Stracathro was a Roman auxiliary fort in Angus, north-east Scotland, situated on the edge of the Howe of the Mearns near the North Esk. It was a short-lived Flavian installation, constructed ca. A.D. 83 during Agricola's northern campaigns and abandoned around A.D. 87 as part of the wider Roman withdrawal from Scotland. The fort lies adjacent to a temporary marching camp whose distinctive entrance design — with internal clavicula and external traverse — has given its name to the "Stracathro-type" gateway found at camps across Scotland.
Source: Pleiades — A Community-Built Gazetteer and Graph of Ancient Places. View the Pleiades record →
Stracathro represents the northernmost known permanent (if briefly held) auxiliary fort of the Flavian conquest, marking the practical limit of Roman occupation on the eastern glen-mouth line that included Inverquharity, Cardean and other "glen-blocking" forts intended to control access from the Highlands. The associated marching camp is the type-site for one of the most widely distributed Roman camp gateway forms in Britain.
The fort, identified largely through aerial photography, was sample-excavated by St Joseph in 1969, confirming Flavian date through pottery and revealing turf ramparts and timber-built interior structures, though no full plan of internal buildings has been recovered. The adjacent camp is similarly known mainly from cropmarks, and no substantial later excavation has been published.

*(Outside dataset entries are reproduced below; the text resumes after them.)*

(* In the oligopoly game below, for all parameter values ($\alpha>0$, unit $\boldsymbol\beta$, $\boldsymbol\gamma$ with all entries positive) there exists at least one equilibrium of one of the following types: (a) an equilibrium with $\mathbf A^*\mathbf q^*=\boldsymbol\beta$ and $\mathbf q^*=\boldsymbol\gamma/(2+\alpha)$; (b) an equilibrium with $\mathbf a_i^*=\boldsymbol\beta$ for all $i$ (product concentration); (c) an equilibrium exhibiting dominant-firm polarization, i.e. $\mathbf a_i^*=\boldsymbol\beta$ for exactly one firm $i$, which satisfies $\gamma_i=\|\boldsymbol\gamma\|_\infty$, and $\mathbf a_j^*=-\boldsymbol\beta$ for all $j\ne i$. Moreover, every equilibrium $(\mathbf A^*,\mathbf q^* )$ is either of type (a), or satisfies $\mathbf a_i^*=\sigma_i\boldsymbol\beta$ for all $i$ for some $\boldsymbol\sigma\in\{-1,1\}^n$ (in which case $\boldsymbol\sigma$ satisfies $(2+\alpha)-\frac{2+(n+1)\alpha}{2(1+\alpha)}\min_{j:\sigma_j=-1}\gamma_j\le\boldsymbol\sigma^\top\boldsymbol\gamma\le(2+\alpha)+\frac{2+(n+1)\alpha}{2(1+\alpha)}\min_{j:\sigma_j=1}\gamma_j$, with $\min\emptyset=+\infty$, and $\mathbf q^*=\frac{\boldsymbol\gamma}{2+\alpha}-\frac{\alpha(\boldsymbol\sigma^\top\boldsymbol\gamma-(2+\alpha))}{(2+\alpha)(2+(n+1)\alpha)}\boldsymbol\sigma$).
   Context: Model: integers $n\ge2$, $m\ge2$; $\alpha>0$, $\boldsymbol\beta\in\mathbb R^m$ with $\|\boldsymbol\beta\|_2=1$, $\boldsymbol\gamma\in\mathbb R^n$ with all $\gamma_i>0$. Firm $i$ chooses a unit vector $\mathbf a_i\in\mathbb R^m$ and $q_i\ge0$, earning $\Pi_i=\alpha q_i\mathbf a_i^\top(\boldsymbol\beta-\sum_{j\ne i}q_j\mathbf a_j)-(1+\alpha)q_i^2+\gamma_iq_i$. $\mathbf A=[\mathbf a_1,\dots,\mathbf a_n]$. An equilibrium is a profile $(\mathbf A^*,\mathbf q^* )$ in which each $(\mathbf a_i^*,q_i^* )$ maximizes $\Pi_i$ over unit $\mathbf a_i$ and $q_i\ge0$ given the others' choices. $\|\boldsymbol\gamma\|_\infty=\max_i\gamma_i$. *)

From HB Require Import structures.
From mathcomp Require Import all_boot all_order all_algebra.
From mathcomp Require Import reals.
Set Implicit Arguments. Unset Strict Implicit. Unset Printing Implicit Defensive.
Import Order.TTheory GRing.Theory Num.Theory.
Local Open Scope ring_scope.

Definition vdot (R : realType) (k : nat) (u v : 'cV[R]_k) : R :=
  \sum_(l < k) u l 0 * v l 0.

Definition unit_vec (R : realType) (k : nat) (u : 'cV[R]_k) : Prop :=
  vdot u u = 1.

(* Profit of firm i when it plays (a, x) and the other firms play the
   columns of A (the strategies a_j) with quantities q_j. *)
Definition profit (R : realType) (n m : nat) (alpha : R)
  (beta : 'cV[R]_m) (gamma : 'cV[R]_n) (A : 'M[R]_(m, n)) (q : 'cV[R]_n)
  (i : 'I_n) (a : 'cV[R]_m) (x : R) : R :=
  alpha * x * vdot a (beta - \sum_(j < n | j != i) (q j 0 *: col j A))
  - (1 + alpha) * x ^+ 2 + gamma i 0 * x.

Definition equilibrium (R : realType) (n m : nat) (alpha : R)
  (beta : 'cV[R]_m) (gamma : 'cV[R]_n) (A : 'M[R]_(m, n)) (q : 'cV[R]_n) : Prop :=
  forall i : 'I_n,
    unit_vec (col i A) /\ 0 <= q i 0 /\
    (forall (a : 'cV[R]_m) (x : R), unit_vec a -> 0 <= x ->
       profit alpha beta gamma A q i a x
       <= profit alpha beta gamma A q i (col i A) (q i 0)).

(* ||gamma||_oo (gamma has positive entries, so 0 is a valid seed). *)
Definition sup_norm (R : realType) (n : nat) (gamma : 'cV[R]_n) : R :=
  \big[Num.max/0]_(i < n) `|gamma i 0|.

(* At an equilibrium each firm's best response points along the demand left
   to it by the others, at the quantity given by a first-order condition.
   Hence either the residual demand [beta - A q] vanishes, and the first-order
   conditions reduce to [q_i (2 + alpha) = gamma_i]; or every [a_i] is a
   multiple of the residual, hence so is [beta = (beta - A q) + A q], and
   [a_i = sigma_i beta].  In the latter case summing the first-order
   conditions weighted by [sigma] determines the residual and [q], and the
   bounds on [sigma' gamma] say exactly that the demand left to each firm has
   nonnegative length.
   For existence: if [sum gamma <= 2 + alpha] all firms play [beta]; if one
   [gamma_i] exceeds [2 + alpha] plus all the others, that firm plays [beta]
   and the others [-beta]; otherwise the lengths [gamma_i] and [2 + alpha]
   satisfy the polygon inequalities, so unit vectors with
   [sum_i gamma_i a_i = (2 + alpha) beta] exist, and they form a clearing
   equilibrium. *)

From HB Require Import structures.
From mathcomp Require Import all_boot all_order all_algebra.
From mathcomp Require Import reals ring lra.
Set Implicit Arguments. Unset Strict Implicit. Unset Printing Implicit Defensive.
Import Order.TTheory GRing.Theory Num.Theory.
Local Open Scope ring_scope.

Section InnerProduct.
Variables (R : realType) (k : nat).
Implicit Types (u v w : 'cV[R]_k) (s t : R).

Lemma vdotC u v : vdot u v = vdot v u.
Proof. by apply: eq_bigr => l _; rewrite mulrC. Qed.

Lemma vdotDl u v w : vdot (u + v) w = vdot u w + vdot v w.
Proof. by rewrite /vdot -big_split; apply: eq_bigr => l _; rewrite !mxE mulrDl. Qed.

Lemma vdotZl s u w : vdot (s *: u) w = s * vdot u w.
Proof. by rewrite /vdot mulr_sumr; apply: eq_bigr => l _; rewrite !mxE mulrA. Qed.

Lemma vdotNl u w : vdot (- u) w = - vdot u w.
Proof. by rewrite -scaleN1r vdotZl mulN1r. Qed.

Lemma vdotBl u v w : vdot (u - v) w = vdot u w - vdot v w.
Proof. by rewrite vdotDl vdotNl. Qed.

Lemma vdotDr u v w : vdot w (u + v) = vdot w u + vdot w v.
Proof. by rewrite vdotC vdotDl !(vdotC w). Qed.

Lemma vdotZr s u w : vdot w (s *: u) = s * vdot w u.
Proof. by rewrite vdotC vdotZl vdotC. Qed.

Lemma vdotNr u w : vdot w (- u) = - vdot w u.
Proof. by rewrite vdotC vdotNl vdotC. Qed.

Lemma vdotBr u v w : vdot w (u - v) = vdot w u - vdot w v.
Proof. by rewrite vdotDr vdotNr. Qed.

Lemma vdot_ge0 u : 0 <= vdot u u.
Proof. by apply: sumr_ge0 => l _; rewrite -expr2 sqr_ge0. Qed.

Stracathro was a Roman auxiliary fort in Angus, north-east Scotland, situated on the edge of the Howe of the Mearns near the North Esk. It is recorded in the Pleiades gazetteer of ancient places as a fort site from the Roman period in Britain.
Stracathro is classified as a Roman fort — a military site in the Pleiades ancient world gazetteer. Roman Britain's archaeology encompasses thousands of sites ranging from legionary fortresses and marching camps to villas, temples and towns.
Several Roman sites lie within a short distance, including Raedykes camp (33.1 km), Tameia? (35.9 km), Normandykes (39.8 km). Aubrey Research maps over 2,200 Roman sites across Britain, drawn from the Pleiades ancient world gazetteer.